Data on by-catch of marine turtles is collected by MCFS. The MCFS is also carrying out a research project on the incidental by-catches of seabirds (part of the EU LIFE+ Garnija Project). Preliminary findings are published.

[See also Section 3.2 of this report].

Policies addressing particular problems, improvement and updating of legislation and effective enforcement

Environmental legislation is currently being reviewed as part of a Better Regulation Initiative.

National policies are generally based on EU regulatory frameworks.

Addressing marine aquaculture and tuna penning effects on biodiversity

Fish farms are required to fulfil and adhere to environmental monitoring programmes as required by development permit conditions.

Existing inshore aquaculture units have been encouraged to relocate at a greater distance from the shore and in deeper waters, to mitigate any environmental impacts.

Malta’s Fisheries Operational Programme (2007-2013) sets as one of its objectives under Priority Axis 2 to reduce the negative impact of aquaculture on the environment.

[See Section on Aquaculture and Fisheries in Section 3.2 of this report]

Development of ecotourism for the marine and coastal environment should be recommended and promoted

It is envisaged that management plans for MPAs would explore ways of catering for the provision of an alternative income to those stakeholders who practice various activities that may be a threat to the conservation of the environment, or else, stakeholders may be directed towards non-consumptive uses, within the MPA. Through the management plans that are expected to be produced for MPAs, Malta should be aiming at achieving sustainable use of the marine environment with the involvement of stakeholders in the management of the areas.

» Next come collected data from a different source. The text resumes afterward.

(* Let $\mathfrak g\xrightarrow{\mu}\mathfrak h$ be a crossed module of Lie algebras, $\phi:W\to V$ linear, $\rho$ a 2-representation on $\phi$. Let $\omega\in\bigwedge^q\mathfrak g_p^*\otimes V$ and $\Xi=(\xi_0,\dots,\xi_q)\in\mathfrak g_{p+1}^{q+1}$ with $\xi_j=(x_j^0,\dots,x_j^p;y_j)$. Then $$\delta\partial\omega(\Xi)=\partial\delta\omega(\Xi)+\phi\Big(\sum_{j=0}^q(-1)^j\rho_1(x_j^0)\omega(\partial_0\Xi(j))\Big)=\partial\delta\omega(\Xi)+\Delta\delta_{(1)}\omega(\Xi).$$
   Context: Crossed module: Lie algebras $\mathfrak g,\mathfrak h$, Lie homomorphism $\mu$, action $\mathcal L:\mathfrak h\to\mathrm{Der}(\mathfrak g)$ with $\mu(\mathcal L_yx)=[y,\mu(x)]$, $\mathcal L_{\mu(x_0)}x_1=[x_0,x_1]$; $\mathfrak g\oplus_{\mathcal L}\mathfrak h$ has bracket $[(x_0,y_0),(x_1,y_1)]=([x_0,x_1]+\mathcal L_{y_0}x_1-\mathcal L_{y_1}x_0,[y_0,y_1])$. 2-representation: linear $\rho_0^1:\mathfrak h\to\mathfrak{gl}(W)$, $\rho_0^0:\mathfrak h\to\mathfrak{gl}(V)$, $\rho_1:\mathfrak g\to\mathrm{Hom}(V,W)$ with $\rho_0^1,\rho_0^0$ representations, $\phi\rho_0^1(y)=\rho_0^0(y)\phi$, $\rho_1([x_0,x_1])=\rho_1(x_0)\phi\rho_1(x_1)-\rho_1(x_1)\phi\rho_1(x_0)$, $\rho_0^0(\mu(x))=\phi\rho_1(x)$, $\rho_0^1(\mu(x))=\rho_1(x)\phi$, $\rho_1(\mathcal L_yx)=\rho_0^1(y)\rho_1(x)-\rho_1(x)\rho_0^0(y)$. $\mathfrak g_0=\mathfrak h$; for $p\ge1$, $\mathfrak g_p=\mathfrak g^p\oplus\mathfrak h$, elements $(x^0,\dots,x^{p-1};y)$, a Lie algebra via identification with composable strings $(a_0,\dots,a_{p-1})\in(\mathfrak g\oplus_{\mathcal L}\mathfrak h)^p$, $a_j=(x^j,y+\sum_{k>j}\mu(x^k))$, componentwise bracket. Face maps $\partial_k:\mathfrak g_{p+1}\to\mathfrak g_p$: $\partial_0(x^0,\dots,x^p;y)=(x^1,\dots,x^p;y)$, $\partial_k(\dots)=(x^0,\dots,x^{k-1}+x^k,\dots,x^p;y)$ ($0<k\le p$), $\partial_{p+1}(\dots)=(x^0,\dots,x^{p-1};y+\mu(x^p))$, applied componentwise to tuples; $\hat t_p(x^0,\dots,x^{p-1};y)=y+\sum\mu(x^j)$. $X(j),X(m,n)$: removal of entries. $C^{p,q}_0=\bigwedge^q\mathfrak g_p^*\otimes V$, $C^{p,q}_1=\bigwedge^q\mathfrak g_p^*\otimes\mathfrak g^*\otimes W$. $\delta:C^{p,q}_0\to C^{p,q+1}_0$ is the Chevalley–Eilenberg differential of $\mathfrak g_p$ with values in $V$ for the representation $\rho_0^0\circ\hat t_p$: $\delta\omega(\xi_0,\dots,\xi_q)=\sum_j(-1)^j\rho_0^0(\hat t_p(\xi_j))\omega(\Xi(j))+\sum_{m<n}(-1)^{m+n}\omega([\xi_m,\xi_n],\Xi(m,n))$. $\partial\omega(\Xi)=\sum_{k=0}^{p+1}(-1)^k\omega(\partial_k\Xi)$. $\delta_{(1)}:C^{p,q}_0\to C^{p,q}_1$, $\delta_{(1)}\omega(\Xi;x)=\rho_1(x)\omega(\Xi)$. $\Delta:C^{p,q}_1\to C^{p+1,q+1}_0$, $\Delta\beta(\xi_0,\dots,\xi_q)=\phi\big(\sum_j(-1)^j\beta(\partial_0\Xi(j);x_j^0)\big)$. *)

From HB Require Import structures.
From mathcomp Require Import all_boot all_order all_algebra.
Set Implicit Arguments. Unset Strict Implicit. Unset Printing Implicit Defensive.
Import Order.TTheory GRing.Theory Num.Theory.
Local Open Scope ring_scope.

Monitoring of artificial reefs and the adoption of a policy governing scuttling of wrecks or other artificial reefs for the purpose of establishing an ecosystem

Notice to Mariners 67/2004 and 5/2008 provide for the creation of Conservation Areas around Wrecks and Artificial Reefs, for the protection of species and habitats in these areas, through restrictions of use of fishing gears. The Agriculture and Fisheries Regulatory Division (AFRD) and the Malta Maritime Authority (MMA) are the competent authorities for the implementation of these regulations.

Communication, Education and Public Awareness

Several awareness raising activities have been held to promote Malta’s biodiversity. These have included publication of material such as posters, leaflets and documentaries on CDs & DVDs, including workshops and talks on television and local radio stations. Conservation projects are also well publicised.

Participation by environment protection officers of the Ecosystems Management Unit (MEPA) in various local TV programmes also contributed to raising public awareness with regard to the need and functioning of MPAs.

A CEPA initiative has been undertaken by the University of Malta in the MPA at Rdum Majjiesa to Ras ir-Raheb to establish the status of the environment.

[See also responses to Goal 3.5 of the PoW on Protected Areas]

Malta’s National Tourism Plan integrates the action “We will increase tourists’ and locals’ awareness about the fragility of our marine environments” (As from June 2007 and beyond). A number of CEPA activities have been undertaken to this end.